• **Instructions to follow**
Every line below between the one holding "Section crossing." and the one holding "Variables (k : nat) (lambda : R).", inclusive, should be copied exactly, and no other line.

[Collected data]
□ □ □ □ □

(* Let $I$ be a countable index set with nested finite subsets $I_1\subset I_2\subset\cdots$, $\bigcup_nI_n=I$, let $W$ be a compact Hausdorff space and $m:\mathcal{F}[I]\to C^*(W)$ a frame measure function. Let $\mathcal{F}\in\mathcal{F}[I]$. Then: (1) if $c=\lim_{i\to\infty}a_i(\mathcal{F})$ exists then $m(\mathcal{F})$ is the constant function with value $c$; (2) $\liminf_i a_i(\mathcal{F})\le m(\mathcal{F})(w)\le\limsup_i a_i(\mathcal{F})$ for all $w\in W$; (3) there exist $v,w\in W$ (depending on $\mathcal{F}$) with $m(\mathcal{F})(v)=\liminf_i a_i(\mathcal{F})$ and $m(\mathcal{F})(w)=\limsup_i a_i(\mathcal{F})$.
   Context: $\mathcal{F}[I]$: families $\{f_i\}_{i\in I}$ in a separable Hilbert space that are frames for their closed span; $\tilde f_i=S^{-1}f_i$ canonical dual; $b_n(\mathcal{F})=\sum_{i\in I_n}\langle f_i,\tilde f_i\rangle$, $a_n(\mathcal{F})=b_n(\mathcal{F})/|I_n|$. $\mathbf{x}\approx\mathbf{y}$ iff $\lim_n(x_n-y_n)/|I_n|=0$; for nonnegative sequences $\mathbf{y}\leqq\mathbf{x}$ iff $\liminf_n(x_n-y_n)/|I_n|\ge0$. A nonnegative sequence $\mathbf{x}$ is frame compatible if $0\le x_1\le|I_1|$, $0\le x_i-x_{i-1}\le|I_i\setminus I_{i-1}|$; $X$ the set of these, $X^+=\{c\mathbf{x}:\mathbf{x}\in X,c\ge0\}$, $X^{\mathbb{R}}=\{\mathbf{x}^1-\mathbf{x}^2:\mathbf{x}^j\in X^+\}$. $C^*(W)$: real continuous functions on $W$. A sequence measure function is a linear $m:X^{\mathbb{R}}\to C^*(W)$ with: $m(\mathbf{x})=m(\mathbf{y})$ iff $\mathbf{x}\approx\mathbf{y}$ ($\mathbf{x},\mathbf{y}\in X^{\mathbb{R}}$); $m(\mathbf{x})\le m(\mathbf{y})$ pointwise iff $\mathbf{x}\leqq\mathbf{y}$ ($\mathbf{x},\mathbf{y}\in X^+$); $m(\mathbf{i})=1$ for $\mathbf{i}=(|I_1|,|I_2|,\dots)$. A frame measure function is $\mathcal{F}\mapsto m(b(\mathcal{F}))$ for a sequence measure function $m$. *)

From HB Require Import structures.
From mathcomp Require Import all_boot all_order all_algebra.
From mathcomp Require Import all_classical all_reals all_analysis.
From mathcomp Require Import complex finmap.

□ □ □ □ □

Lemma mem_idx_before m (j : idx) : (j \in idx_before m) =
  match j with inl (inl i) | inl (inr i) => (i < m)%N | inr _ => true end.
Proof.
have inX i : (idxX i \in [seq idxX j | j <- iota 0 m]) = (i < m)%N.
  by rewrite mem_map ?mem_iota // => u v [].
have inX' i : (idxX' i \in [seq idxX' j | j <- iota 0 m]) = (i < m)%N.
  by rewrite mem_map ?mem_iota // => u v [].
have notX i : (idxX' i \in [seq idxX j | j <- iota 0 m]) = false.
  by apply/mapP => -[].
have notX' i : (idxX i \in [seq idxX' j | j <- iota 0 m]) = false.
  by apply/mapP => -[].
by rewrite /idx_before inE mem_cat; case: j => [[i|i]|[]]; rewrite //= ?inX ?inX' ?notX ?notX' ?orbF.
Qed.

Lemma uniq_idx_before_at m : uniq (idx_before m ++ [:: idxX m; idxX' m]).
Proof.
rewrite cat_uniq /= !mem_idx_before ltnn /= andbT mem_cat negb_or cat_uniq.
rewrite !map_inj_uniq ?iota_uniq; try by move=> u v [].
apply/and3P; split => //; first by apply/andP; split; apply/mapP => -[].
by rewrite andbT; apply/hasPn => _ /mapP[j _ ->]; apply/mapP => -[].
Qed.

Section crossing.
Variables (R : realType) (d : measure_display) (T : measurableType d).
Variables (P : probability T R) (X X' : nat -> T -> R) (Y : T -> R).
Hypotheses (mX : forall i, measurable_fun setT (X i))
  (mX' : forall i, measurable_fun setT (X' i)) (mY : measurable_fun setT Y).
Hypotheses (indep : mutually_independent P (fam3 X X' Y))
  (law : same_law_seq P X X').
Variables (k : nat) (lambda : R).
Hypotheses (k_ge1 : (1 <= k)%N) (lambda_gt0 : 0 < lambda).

□ □ □ □ □

• **Result of the exercise**
Section crossing.
Variables (R : realType) (d : measure_display) (T : measurableType d).
Variables (P : probability T R) (X X' : nat -> T -> R) (Y : T -> R).
Hypotheses (mX : forall i, measurable_fun setT (X i))
  (mX' : forall i, measurable_fun setT (X' i)) (mY : measurable_fun setT Y).
Hypotheses (indep : mutually_independent P (fam3 X X' Y))
  (law : same_law_seq P X X').
Variables (k : nat) (lambda : R).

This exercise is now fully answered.